The suggestion is to run this for each compute element on a low frequency, like once or a few times a day. A command definition like

define command {
    command_name check_archostcert
    command_line $USER$/check_archostcert -H $HOSTNAME$ -c 7 -w 31
}

will warn about a certificate one month before it expires and report a critical status one week before.
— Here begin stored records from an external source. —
Lemma G_as_f_divergence (n : nat) (p q : nat -> R) :
  Gamma n p -> Gamma n q -> G n p q = sumn n (fun i => q i * phiG (p i / q i)).
Proof.
  intros Hp Hq. apply (f_divergence_form _ _ _ _ _ (/ 2) Hp Hq).
  intros i Hpi Hqi. unfold phiG.
  replace ((p i / q i + 1) / (2 * (p i / q i))) with ((p i + q i) / (2 * p i)) by (field; lra).
  field; lra.
Qed.

Lemma G_rev_as_f_divergence (n : nat) (p q : nat -> R) :
  Gamma n p -> Gamma n q -> G n q p = sumn n (fun i => q i * phiG_rev (p i / q i)).
Proof.
  intros Hp Hq. apply (f_divergence_form _ _ _ _ _ (- / 2) Hp Hq).
  intros i Hpi Hqi. unfold phiG_rev.
  replace ((p i / q i + 1) / 2) with ((q i + p i) / (2 * q i)) by (field; lra).
  field; lra.
Qed.

Lemma ratio_bounds_straddle_one (n : nat) (p q : nat -> R) (r R0 : R) :
  Gamma n p -> Gamma n q -> (forall i, (i < n)%nat -> r <= p i / q i <= R0) ->
  r <= 1 <= R0.
Proof.
  intros [Hp Sp] [Hq Sq] Hb.
  assert (Hpq : forall i, (i < n)%nat -> r * q i <= p i <= R0 * q i).
  { intros i Hi. specialize (Hb i Hi). specialize (Hq i Hi).
    replace (p i) with (p i / q i * q i) by (field; lra). nra. }
  assert (Hlo : sumn n (fun i => r * q i) <= sumn n p)
    by (apply sumn_le; intros i Hi; apply Hpq, Hi).
  assert (Hup : sumn n p <= sumn n (fun i => R0 * q i))
    by (apply sumn_le; intros i Hi; apply Hpq, Hi).
  rewrite sumn_scal, Sp, Sq in Hlo, Hup. lra.
Qed.

Lemma sqrt_between_of_sqr (a b x : R) :
  0 <= a <= b -> a * a <= x <= b * b -> a <= sqrt x <= b.
Proof.
  intros Hab [Hax Hxb].
  rewrite <- (sqrt_square a), <- (sqrt_square b) by lra.
  split; apply sqrt_le_1_alt; auto.
Qed.

Theorem mainTheorem17 (n : nat) (p q : nat -> R) (r R0 : R) :
  (2 <= n)%nat ->
  Gamma n p -> Gamma n q ->
  (exists i, (i < n)%nat /\ p i <> q i) ->
  0 < r -> r <= R0 ->
  (forall i, (i < n)%nat -> r <= p i / q i <= R0) ->
  (r <= F n q p / F n p q <= R0) /\
  (r <= sqrt (G n q p / G n p q) <= R0).
Proof.
  intros _ Hp Hq [i0 [Hi0 Hne]] Hr HrR Hb.
  destruct (ratio_bounds_straddle_one n p q r R0 Hp Hq Hb) as [Hr1 H1R].
  assert (Hqpos : forall i, (i < n)%nat -> 0 < q i) by apply Hq.
  assert (Ht0 : 0 < p i0 / q i0) by (apply Rdiv_lt_0_compat; [apply Hp | apply Hq]; auto).
  assert (Ht1 : p i0 / q i0 <> 1).
  { intros Heq. apply Hne. specialize (Hqpos i0 Hi0).
    replace (p i0) with (p i0 / q i0 * q i0) by (field; lra). rewrite Heq; ring. }
  rewrite (F_as_f_divergence n p q), (F_rev_as_f_divergence n p q),
    (G_as_f_divergence n p q), (G_rev_as_f_divergence n p q) by auto.
  split.
  - apply (weighted_ratio_between _ _ _ _ _ _ i0); auto.
    + apply phiF_pos; auto.
    + intros i Hi. apply phiF_rev_between; auto.
  - apply sqrt_between_of_sqr; [lra |].
    apply (weighted_ratio_between _ _ _ _ _ _ i0); auto.
    + apply phiG_pos; auto.
    + intros i Hi. apply phiG_rev_between; auto.
Qed.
The port number defaults to 2135, but can be changed with -p <port>, and a timeout of <T> seconds is specified as -t <T>. Se also check_archostcert --help.

The lifetime of the host certificate can also be checked using a generic HTTPS probe against the EMIES service, as long as the probe supports client authentication and lifetime checks.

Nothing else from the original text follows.